A local newspaper of 1840 reported that twenty-five men were confined and awaiting trial and even though all the Governor's care and attention, the number was far too great to be crowded into the limited space. It also pointed out that it was an injustice upon the innocents to have to wait such along time before their case was heard.


Adelaide Gaol 1850
Photograph courtesy of the
State Library of South Australia.

In 1843 the gaol had a governor, two turnkeys and two guards but no matron for female prisoners until 1850 when the second stage of the gaol was completed. The position of Matron was awarded to Charlotte Ashton. The gaol was also used for a number of years to house the mentally insane, as lunatics had to be restrained and kept out of sight. When the hangings became private a portable gallows was used in the North West laneway from 1861 until 1883. In 1894 a gallows was placed in the New Building and used from 1894 until 1950. The last time a person was hanged in South Australia was 1964. Most of them were buried within the gaol complex.

During its early years the gaol was guarded by a small number of troops, on loan from Tasmania for five years. With few prisoners to guard and even fewer people who wanted to get in, they had enough spare time during working hours to play cricket against the locals in the parklands. In 1846 Francis Dutton wrote that the gaol was an eyesore to the colony upon which 34,000 Pounds had been thrown away. It could hold 140 prisoners but had on average only two per month so far.

Upon completion of the first part of the Adelaide Gaol, the Ashtons lived above the main gate and entrance. William Ashton remained governor of the gaol until his death on 28 April 1854. His funeral was attended by a very large number of people which included Alexander Tolmer. A public appeal launced for Charlotte, who had given birth to another three children, raised well over six hundred Pounds. She took up farming at Leasingham and for a number of years was also the licensee of the Leasingham Hotel.

On 24 December 1862 Malacky Martin, aged thirty-one, was hanged for the murder of Jane Macmanamin, an Irish servant girl of Salt Creek. There were also indications and strong rumours that he had been responsible for the killing of William Robinson and even his own mother. As late as 1864 it was suggested that convicted prisoners should be transported to the Falkland Islands.
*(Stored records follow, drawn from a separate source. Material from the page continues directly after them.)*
Definition descent_path (s : R) : Pt G :=
  let k := epsilon (inhabits 0%nat) (fun k => brk k <= s < brk (S k)) in
  edge_pt (seg_edge k) (seg_start k + seg_dir k * (s - brk k)).

Lemma descent_path_eq k s : brk k <= s < brk (S k) ->
  descent_path s = edge_pt (seg_edge k) (seg_start k + seg_dir k * (s - brk k)).
Proof.
  intros Hk. unfold descent_path.
  assert (Hs := epsilon_spec (inhabits 0%nat) (fun k => brk k <= s < brk (S k)) (ex_intro _ k Hk)).
  set (k' := epsilon (inhabits 0%nat) (fun k => brk k <= s < brk (S k))) in *.
  enough (k' = k) as -> by reflexivity.
  destruct (Nat.lt_trichotomy k' k) as [h|[h|h]]; [|exact h|].
  - pose proof (brk_le h). lra.
  - pose proof (brk_le h). lra.
Qed.

Lemma chain_descent_path_vtx k s n : brk k <= s < brk (S k) -> (k <= n)%coq_nat ->
  chain (descent_path s) (inl (vtx n)) (brk (S n) - s).
Proof.
  intros Hk Hkn. rewrite (descent_path_eq Hk). simpl in Hk.
  assert (Hpos : 0 < seg_len k) by lra.
  assert (Hu : 0 <= s - brk k <= seg_len k) by lra.
  pose proof (chain_edge (on_edge_edge_pt (seg_coord_range Hu)) (seg_end_on Hpos)) as H1.
  apply (chain_eq_len (chain_trans H1 (chain_vtx Hkn))).
  replace (seg_start k + seg_dir k * (s - brk k) - (seg_start k + seg_dir k * seg_len k))
    with (seg_dir k * (s - brk k - seg_len k)) by ring.
  rewrite (Rabs_sign_mul _ (seg_dir_sign k)) Rabs_left1; simpl; lra.
Qed.

Fixpoint seg_edges (K : nat) : list (Ed G) :=
  match K with O => nil | S K' => seg_edge (S K') :: seg_edges K' end.

Lemma in_seg_edges K e : In e (seg_edges K) -> exists j, (j < K)%coq_nat /\ e = seg_edge (S j).
Proof.
  induction K as [|K IH]; [intros []|].
  intros [<-|H]; [exists K; split; [lia|reflexivity]|].
  destruct (IH H) as [j [Hj ->]]. exists j. split; [lia|reflexivity].
Qed.

Section Volume.
Variable A : Gbar G -> Prop.
Hypothesis HA : forall u, IsCS u -> f u <= t -> A u.
Hypothesis Hinterior : forall j, ~ Bd G (vtx j).

Lemma seg_edges_NoDup K : NoDup (seg_edges K).
Proof.
  induction K as [|K IH]; constructor; [|exact IH].
  intros Hin. destruct (in_seg_edges Hin) as [j [Hj E]].
  exact (seg_edge_inj Hj (@Hinterior K) (Logic.eq_sym E)).
Qed.

Lemma seg_edges_measure K :
  (\sum_(e <- seg_edges K) (@lebesgue_measure R (edge_trace A e)))%E = (brk (S K) - l0)%:E.
Proof.
  induction K as [|K IH].
  - rewrite big_nil. assert (H : brk 1 - l0 = 0) by (simpl; ring).
    exact (Logic.eq_sym (f_equal EFin H)).
  - simpl seg_edges. rewrite big_cons IH.
    assert (Hlen' : len (seg_edge (S K)) = seg_len (S K))
      by (rewrite (seg_len_interior (@Hinterior K)); reflexivity).
    rewrite (edge_trace_full (A := A) (e := seg_edge (S K))).
    + rewrite (lebesgue_measure_oo0 (Hlen _)) -EFinD Hlen'. apply f_equal.
      assert (H : seg_len (S K) + (brk (S K) - l0) = brk (S (S K)) - l0) by (simpl; ring).
      exact H.
    + intros s Hs. apply HA; [apply emb_IsCS|].
      assert (Hs' : 0 <= s <= len (seg_edge (S K))) by lra.
      pose proof (f_edge_le_max Hlen Hf Hs') as Hmax.
      rewrite (seg_edge_max_fv (@Hinterior K)) in Hmax. pose proof (fv_vtx_le_level K). lra.
Qed.

Lemma brk_bounded_interior : finite_volume A -> exists B, forall K, brk K <= B.
Proof.
  intros [M HM]. exists (l0 + M). intros K.
  pose proof (brk_le (Nat.le_succ_diag_r K)).
  pose proof (HM _ (seg_edges_NoDup K)) as Hvol.
  rewrite seg_edges_measure lee_fin in Hvol.
  move/RleP: Hvol => Hvol. rewrite -RminusE in Hvol. lra.
Qed.

End Volume.

Variable A : Gbar G -> Prop.
Hypothesis HA : forall u, IsCS u -> f u <= t -> A u.
Hypothesis HvolA : finite_volume A.

Lemma brk_growing : Un_growing brk.
Proof. intros k. apply brk_le. lia. Qed.

(* Either the walk stops at a boundary vertex, or its edges are pairwise
   distinct and contained in the sublevel set, whose volume is finite. *)
Lemma brk_has_ub : has_ub brk.
Proof.
  destruct (EM (exists n, Bd G (vtx n))) as [[n Hn]|Hnone].
  - exists (brk (S n)). intros x [k ->].
    destruct (Nat.le_gt_cases k (S n)) as [h|h]; [exact (brk_le h)|].
    rewrite (brk_Bd Hn (k := k)); [lra|lia].
  - assert (Hint : forall j, ~ Bd G (vtx j)) by (intros j Hj; apply Hnone; exists j; exact Hj).
    destruct (brk_bounded_interior HA Hint HvolA) as [B HB].
    exists B. intros x [k ->]. apply HB.
Qed.

Definition total_len : R := proj1_sig (growing_cv brk brk_growing brk_has_ub).

Lemma brk_cv : Un_cv brk total_len.
Proof. exact (proj2_sig (growing_cv brk brk_growing brk_has_ub)). Qed.

Lemma brk_le_total k : brk k <= total_len.
Proof. exact (growing_ineq brk total_len brk_growing brk_cv k). Qed.

Lemma total_len_gt0 : 0 < total_len.
Proof. pose proof (brk_le_total 1) as H. simpl in H. lra. Qed.

Lemma brk_Bd_total n : Bd G (vtx n) -> brk (S n) = total_len.
Proof.
  intros Hn. apply (UL_sequence brk); [|exact brk_cv].
  intros eps Heps. exists (S n). intros k Hk. unfold R_dist.
  rewrite (brk_Bd Hn (k := k)); [|lia]. rewrite Rminus_diag Rabs_R0. exact Heps.
Qed.

Lemma total_len_sub_brk eps : 0 < eps ->
  exists N, forall n, (N <= n)%coq_nat -> total_len - brk n < eps.
Proof.
  intros Heps. destruct (brk_cv Heps) as [N HN]. exists N. intros n Hn.
  specialize (HN n Hn). unfold R_dist in HN. pose proof (brk_le_total n).
  rewrite Rabs_left1 in HN; lra.
Qed.

Lemma exists_piece s : 0 <= s < total_len -> exists k, brk k <= s < brk (S k).
Proof.
  intros Hs. destruct (total_len_sub_brk (eps := total_len - s) ltac:(lra)) as [N HN].
  assert (HsN : s < brk N) by (pose proof (HN N (le_n N)); lra). clear HN.
  induction N as [|N IH]; [simpl in HsN; lra|].
  destruct (Rlt_or_le s (brk N)) as [h|h]; [exact (IH h)|]. exists N. split; assumption.
Qed.

Lemma descent_path_0 : descent_path 0 = edge_pt e0 c0.
Proof. rewrite (descent_path_eq (k := 0)); [|simpl; lra]. simpl. f_equal. ring. Qed.

Lemma descent_path_le_level s : 0 <= s < total_len -> f (emb (descent_path s)) <= t.
Proof.
  intros Hs. destruct (exists_piece Hs) as [k Hk]. rewrite (descent_path_eq Hk).
  simpl in Hk. apply seg_le_level; lra.
Qed.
Many additions were added during later years, the largest one in 1879 when a huge 90 cell building was constructed.

Towards the end of 1883 a young lad by the name of Samuel Moyles was sentenced to one month imprisonment and a whipping of fifteen strokes for indecent assault and a John Haggerty was sentenced to five years imprisonment with hard labour and a whipping of twenty strokes for rape. They received their floggings at the gaol in the presence of a doctor, the gaol's governor and some prison officers. 'The punishment was vigorously applied and the prisoners howled lustily', it was reported. Two years later, James Callow, a man of colour, was sentenced by Mr Justice Boucaut to life imprisonment with hard labour and fifteen strokes for assaulting a girl under the age of twelve.

Understandably not everyone was happy with his or her treatment at Her Majesty's Menagerie and several attempts were made to leave it before the official time was up. As early as August 1854, two scoundrels tried to gain their freedom but were caught in the act. To make them see reason they were rewarded with thirty-six lashes each. Although William Robinson Boothby, comptroller of Her Majesty's Gaols and Stockade from 1868, utilised prison labour to produce some prize winning olive oil, not all inmates were keen on being occupied in that work. In 1897 three prisoners were successful in getting out before their time was up and made their way via the Murray River to New South Wales. Their freedom was short lived as they were caught by Mounted Constable John Shanks at Blanchetown.